Theorem mainTheorem12 (R : realType) (X : completeNormedModType R) (C : set X) :
  C !=set0 -> absolutely_convex C -> closed C ->
  C `<=` unit_ball (fun x : X => `|x|) ->
  (forall D, is_ccslices C D -> diam (fun x : X => `|x|) D = 2%:E) ->
  forall eps : R, 0 < eps ->
  exists N : X -> R, equiv_norm N /\
    forall D, is_ccslices (unit_ball N) D -> ((2 - eps)%:E <= diam N D)%E.
Proof.
move=> [c Cc] C_absconv _ C_ball C_diam eps eps0.
have C0 := absolutely_convex0 C_absconv Cc.
have d0 : 0 < eps / 4 by rewrite divr_gt0.
exists (gauge C (eps / 4)); split; first exact: gauge_equiv_norm.
move=> D /(is_ccslices_translate (is_slice_gauge_ball C_absconv C0 C_ball d0)).
move=> [D' [z [D'_cc D'D]]]; apply: le_trans (diam_translate_le _ D'D).
have d1 : 0 < 1 + eps / 4 by rewrite addr_gt0.
have D'_diam : ((2 - eps / 4)%:E < diam (fun x : X => `|x|%R) D')%E.
  by rewrite C_diam // lte_fin; lra.
have /ltW := diam_gt_dominated d1 (norm_le_gauge C_absconv C0 C_ball d0) D'_diam.
by apply: le_trans; rewrite lee_fin ler_pdivlMr //; nra.
Qed.
(* Let $V=\{n\in\mathbb{Z} : n\geq 2,\ 5\nmid n\}$ and let $\Gamma_5$ be the directed graph on $V$ with up-edges $(n,(n+5)^2)$ and down-edges $(n^2,n)$ for $n\in V$. Let $B$ be a square-to-square conveyor belt path in $\Gamma_5$ consisting of fewer than $150$ steps, i.e. of the form $(UD)^i$ with $1\leq i<75$. (a) If the vertices $v_0,v_1,\dots,v_i$ of $B$ are congruent to $1$ modulo $5$, then its endpoint $v_i$ is at most $91^2$. (b) If these vertices are congruent to $4$ modulo $5$, then its endpoint $v_i$ is at most $183^2$.
   Context: A conveyor belt is a path in $\Gamma_5$ whose edge labels are $UD\,UD\cdots UD$ ($U$ = up-edge, $D$ = down-edge), i.e. $(UD)^i$ for some $i\geq 1$; it has $2i$ steps. Each $UD$ step takes a vertex $v$ to $(v+5)^2$ and then to $v+5$, so the belt visits $v_0, (v_0+5)^2, v_0+5, \dots$; write $v_j=v_0+5j$ for the vertices reached after each $UD$ step, so it begins at $v_0$ and ends at $v_i=v_0+5i$, and all $v_j$ are congruent modulo $5$. A conveyor belt is square-to-square if both its starting vertex $v_0$ and its ending vertex $v_i$ are perfect squares. *)

From mathcomp Require Import all_boot all_order all_algebra.
Set Implicit Arguments. Unset Strict Implicit. Unset Printing Implicit Defensive.
Import Order.TTheory GRing.Theory Num.Theory.
Local Open Scope ring_scope.

Definition inV (n : int) : bool := (2 <= n) && ~~ (5 %| n)%Z.

Inductive lbl := LU | LD.

Definition edge (l : lbl) (x y : int) : bool :=
  [&& inV x, inV y &
    match l with
    | LU => y == (x + 5) ^+ 2
    | LD => x == y ^+ 2
    end].

Fixpoint walk (ls : seq lbl) (x : int) (p : seq int) : bool :=
  match ls, p with
  | [::], [::] => true
  | l :: ls', y :: p' => edge l x y && walk ls' y p'
  | _, _ => false
  end.

Definition conveyor_labels (i : nat) : seq lbl := flatten (nseq i [:: LU; LD]).

Definition is_square (x : int) : Prop := exists m : int, x = m ^+ 2.

From mathcomp Require Import all_boot all_order all_algebra zify.
Set Implicit Arguments. Unset Strict Implicit. Unset Printing Implicit Defensive.
Import Order.TTheory GRing.Theory Num.Theory.
Local Open Scope ring_scope.

(* A belt of i steps UD goes from a^2 to b^2 = a^2 + 5i, so (b - a)(b + a) = 5i < 375.
   A gap b - a >= 3 forces b <= 63.  A gap of 1 gives 2a + 1 = 5i, hence a = 2 (mod 5),
   a^2 = 4 (mod 5) and b <= 183; a gap of 2 gives 4(a + 1) = 5i, hence a = 4 (mod 5),
   a^2 = 1 (mod 5) and b <= 91.  So the residue of the starting vertex alone rules out
   one of the two small gaps. *)

Lemma walk_conveyor_last (i : nat) (x : int) (p : seq int) :
  walk (conveyor_labels i) x p -> last x p = x + 5 * i%:Z.
Proof.
elim: i x p => [|i IH] x [|y [|z p]] //=; first by rewrite mulr0 addr0.
  by rewrite andbF.
rewrite /edge /inV => /and3P [/and3P [/andP [x_ge2 _] _ /eqP ->]].
move=> /and3P [_ /andP [z_ge2 _] /eqP ez] /IH ->.
have -> : z = x + 5 by move: ez; nia.
lia.
Qed.

Lemma is_square_nonneg (x : int) : is_square x -> exists2 a, 0 <= a & x = a ^+ 2.
Proof. by case=> a ->; exists `|a|; rewrite ?real_normK ?num_real. Qed.

Lemma sqr_gap1_mod5 (a n : int) : (a + 1) ^+ 2 = a ^+ 2 + 5 * n -> (a ^+ 2 %% 5)%Z = 4.
Proof.
move=> e; have [k ->] : exists k, a = 5 * k + 2 by exists ((a - 2) %/ 5)%Z; nia.
lia.
Qed.

Lemma sqr_gap2_mod5 (a n : int) : (a + 2) ^+ 2 = a ^+ 2 + 5 * n -> (a ^+ 2 %% 5)%Z = 1.
Proof.
move=> e; have [k ->] : exists k, a = 5 * k + 4 by exists ((a - 4) %/ 5)%Z; nia.
lia.
Qed.

Section SquareGaps.

Variables (n : nat) (a b : int).
Hypothesis n_lt75 : (n < 75)%N.

Lemma sqr_gap1_bound : (a + 1) ^+ 2 = a ^+ 2 + 5 * n%:Z -> a + 1 <= 183.
Proof. nia. Qed.

Lemma sqr_gap2_bound : (a + 2) ^+ 2 = a ^+ 2 + 5 * n%:Z -> a + 2 <= 91.
Proof. nia. Qed.

Lemma sqr_gap_ge3_bound : 0 <= a -> a + 3 <= b -> b ^+ 2 = a ^+ 2 + 5 * n%:Z -> b <= 63.
Proof. nia. Qed.

Lemma sqr_add_5mul_bound : (0 < n)%N -> 0 <= a -> 0 <= b ->
  b ^+ 2 = a ^+ 2 + 5 * n%:Z ->
  ((a ^+ 2 %% 5)%Z = 1 -> b <= 91) /\ ((a ^+ 2 %% 5)%Z = 4 -> b <= 183).
Proof.
move=> n_gt0 a_ge0 b_ge0 e; have lt_ab : a < b by nia.
have [lt_b_a3|le_a3_b] := ltrP b (a + 3).
  have [eb|eb] : b = a + 1 \/ b = a + 2 by lia.
  - rewrite eb in e *; have := sqr_gap1_mod5 e; have := sqr_gap1_bound e.
    by split=> ?; lia.
  - rewrite eb in e *; have := sqr_gap2_mod5 e; have := sqr_gap2_bound e.
    by split=> ?; lia.
by have := sqr_gap_ge3_bound a_ge0 le_a3_b e; split=> _; lia.
Qed.

End SquareGaps.

Theorem lemma11 (i : nat) (x : int) (p : seq int) :
  (1 <= i < 75)%N ->
  walk (conveyor_labels i) x p ->
  is_square x -> is_square (last x p) ->
  ((forall j : nat, (j <= i)%N -> ((nth 0 (x :: p) (2 * j)) %% 5)%Z = 1) ->
     last x p <= 91 ^+ 2) /\
  ((forall j : nat, (j <= i)%N -> ((nth 0 (x :: p) (2 * j)) %% 5)%Z = 4) ->
     last x p <= 183 ^+ 2).
Proof.
case/andP=> i_gt0 i_lt75 /walk_conveyor_last e_last.
case/is_square_nonneg=> a a_ge0 ex; case/is_square_nonneg=> b b_ge0 eb.
have e : b ^+ 2 = a ^+ 2 + 5 * i%:Z by rewrite -eb e_last ex.
have [le_b91 le_b183] := sqr_add_5mul_bound i_lt75 i_gt0 a_ge0 b_ge0 e.
rewrite eb; split=> /(_ 0%N isT) /=; rewrite ex => res.
- by have := le_b91 res; nia.
- by have := le_b183 res; nia.
Qed.
Definition Ck2 (k : nat) (g : R -> R -> R) : Prop :=
  (forall l : list bool, (length l < k)%nat ->
      forall x y, ex_derive (fun t => iter_partial l g t y) x /\
                  ex_derive (fun t => iter_partial l g x t) y)
  /\ (forall l : list bool, (length l <= k)%nat ->
      forall x y, continuous (fun p : R * R => iter_partial l g (fst p) (snd p)) (x, y)).

Definition smooth2 (g : R -> R -> R) : Prop := forall k, Ck2 k g.

Definition smooth1 (h : R -> R) : Prop := forall n x, ex_derive_n h n x.

Definition norm2 (x y : R) : R := sqrt (x ^ 2 + y ^ 2).

Definition lap (g : R -> R -> R) : R -> R -> R :=
  fun x y => dx (dx g) x y + dy (dy g) x y.

(* L^infinity (for continuous functions: bounded everywhere) *)
Definition bounded2 (g : R -> R -> R) : Prop :=
  exists B, forall x y, Rabs (g x y) <= B.

(* L^1(R^2) for a continuous function: the (iterated Riemann) integrals of |g|
   over the squares [-N,N]^2 are uniformly bounded *)
Definition integrable2 (g : R -> R -> R) : Prop :=
  exists B, forall N, 0 < N ->
    RInt (fun x => RInt (fun y => Rabs (g x y)) (- N) N) (- N) N <= B.
(* Let $0\le a\le b\le n$ be integers with $a+b\le n$, and let $\varepsilon(a,b)$ be defined by $\mathbb E_{\mu_{ab}}[X]=\frac{a+b}{2}+\varepsilon(a,b)$, where $X$ has law $\mu_{ab}$. Then $\varepsilon(a,b)\ge0$. Moreover, $\varepsilon(a,b)\le\varepsilon(c,d)$ for any pair of integers $c,d$ with $c\le\min\{a,d\}\le\max\{a,d\}\le b$.
   Context: Fix $\beta>0$ and integer $n\ge1$. For integers $0\le a\le b\le n$, $\mu_{ab}$ is the probability distribution on $\{0,1,\dots,n\}$ given by $\mu_{ab}(j)=e^{-\beta(b-a)-2\beta(a-j)}/Z$ for $0\le j<a$, $\mu_{ab}(j)=e^{-\beta(b-a)}/Z$ for $a\le j\le b$, and $\mu_{ab}(j)=e^{-\beta(b-a)-2\beta(j-b)}/Z$ for $b<j\le n$, with $Z$ a normalizing constant. (This is the conditional law of the height at a site of the SOS model given that its two neighbouring heights have minimum $a$ and maximum $b$; i.e., the law of the new height after a column update.) For $c\le d$, $\varepsilon(c,d)$ is defined in the same way, $\varepsilon(c,d)=\mathbb E_{\mu_{cd}}[X]-\frac{c+d}2$. *)

From Stdlib Require Import Reals Lra Lia Arith.
Open Scope R_scope.

Definition sos_weight (beta : R) (a b j : nat) : R :=
  if (j <? a)%nat then exp (- beta * (INR b - INR a) - 2 * beta * (INR a - INR j))
  else if (b <? j)%nat then exp (- beta * (INR b - INR a) - 2 * beta * (INR j - INR b))
  else exp (- beta * (INR b - INR a)).

(* Normalizing constant Z = sum_{j=0}^n weight j  (sum_f_R0 f n has n+1 terms). *)
Definition sos_Z (beta : R) (n a b : nat) : R :=
  sum_f_R0 (fun j => sos_weight beta a b j) n.

Definition mu (beta : R) (n a b j : nat) : R :=
  sos_weight beta a b j / sos_Z beta n a b.

Definition mu_mean (beta : R) (n a b : nat) : R :=
  sum_f_R0 (fun j => INR j * mu beta n a b j) n.

Definition eps (beta : R) (n c d : nat) : R :=
  mu_mean beta n c d - (INR c + INR d) / 2.

(* With x = exp(-2 beta), s = d - c, and left/right tails of lengths c and
   n - d, the weights of mu_cd are geometric in x outside [c, d], so
   eps(c,d) is an explicit rational function of x, s, c, x^c, n - d and
   x^(n-d).  Moving d one step to the right lowers eps: clearing denominators,
   the difference is a polynomial with a sum-of-nonnegative-terms certificate.
   By the reflection j |-> n - j the same holds for moving c to the right, so
   eps is decreasing in both arguments, which gives the comparison.  For
   nonnegativity, a + b <= n means the right tail is at least as long as the
   left one, so the right tail pulls the mean up at least as much as the left
   tail pulls it down. *)
From Stdlib Require Import Reals Lra Lia.
Open Scope R_scope.

Fixpoint psum (f : nat -> R) (k : nat) : R :=
  match k with O => 0 | S k => psum f k + f k end.

Lemma sum_f_R0_psum f n : sum_f_R0 f n = psum f (S n).
Proof. induction n as [|n IH]; simpl in *; [lra | now rewrite IH]. Qed.

Lemma psum_ext f g k : (forall i, (i < k)%nat -> f i = g i) -> psum f k = psum g k.
Proof.
  induction k as [|k IH]; intros Hfg; simpl; [reflexivity|].
  rewrite IH, (Hfg k) by (lia || (intros; apply Hfg; lia)); reflexivity.
Qed.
_ _ _
Exercise directions: In the listing above, find the line containing "case/andP=> i_gt0 i_lt75" and the line containing "Definition smooth2 (g". Output them and every line between, exactly, and nothing else.

Result below:
case/andP=> i_gt0 i_lt75 /walk_conveyor_last e_last.
case/is_square_nonneg=> a a_ge0 ex; case/is_square_nonneg=> b b_ge0 eb.
have e : b ^+ 2 = a ^+ 2 + 5 * i%:Z by rewrite -eb e_last ex.
have [le_b91 le_b183] := sqr_add_5mul_bound i_lt75 i_gt0 a_ge0 b_ge0 e.
rewrite eb; split=> /(_ 0%N isT) /=; rewrite ex => res.
- by have := le_b91 res; nia.
- by have := le_b183 res; nia.
Qed.
Definition Ck2 (k : nat) (g : R -> R -> R) : Prop :=
  (forall l : list bool, (length l < k)%nat ->
      forall x y, ex_derive (fun t => iter_partial l g t y) x /\
                  ex_derive (fun t => iter_partial l g x t) y)
  /\ (forall l : list bool, (length l <= k)%nat ->
      forall x y, continuous (fun p : R * R => iter_partial l g (fst p) (snd p)) (x, y)).

Definition smooth2 (g : R -> R -> R) : Prop := forall k, Ck2 k g.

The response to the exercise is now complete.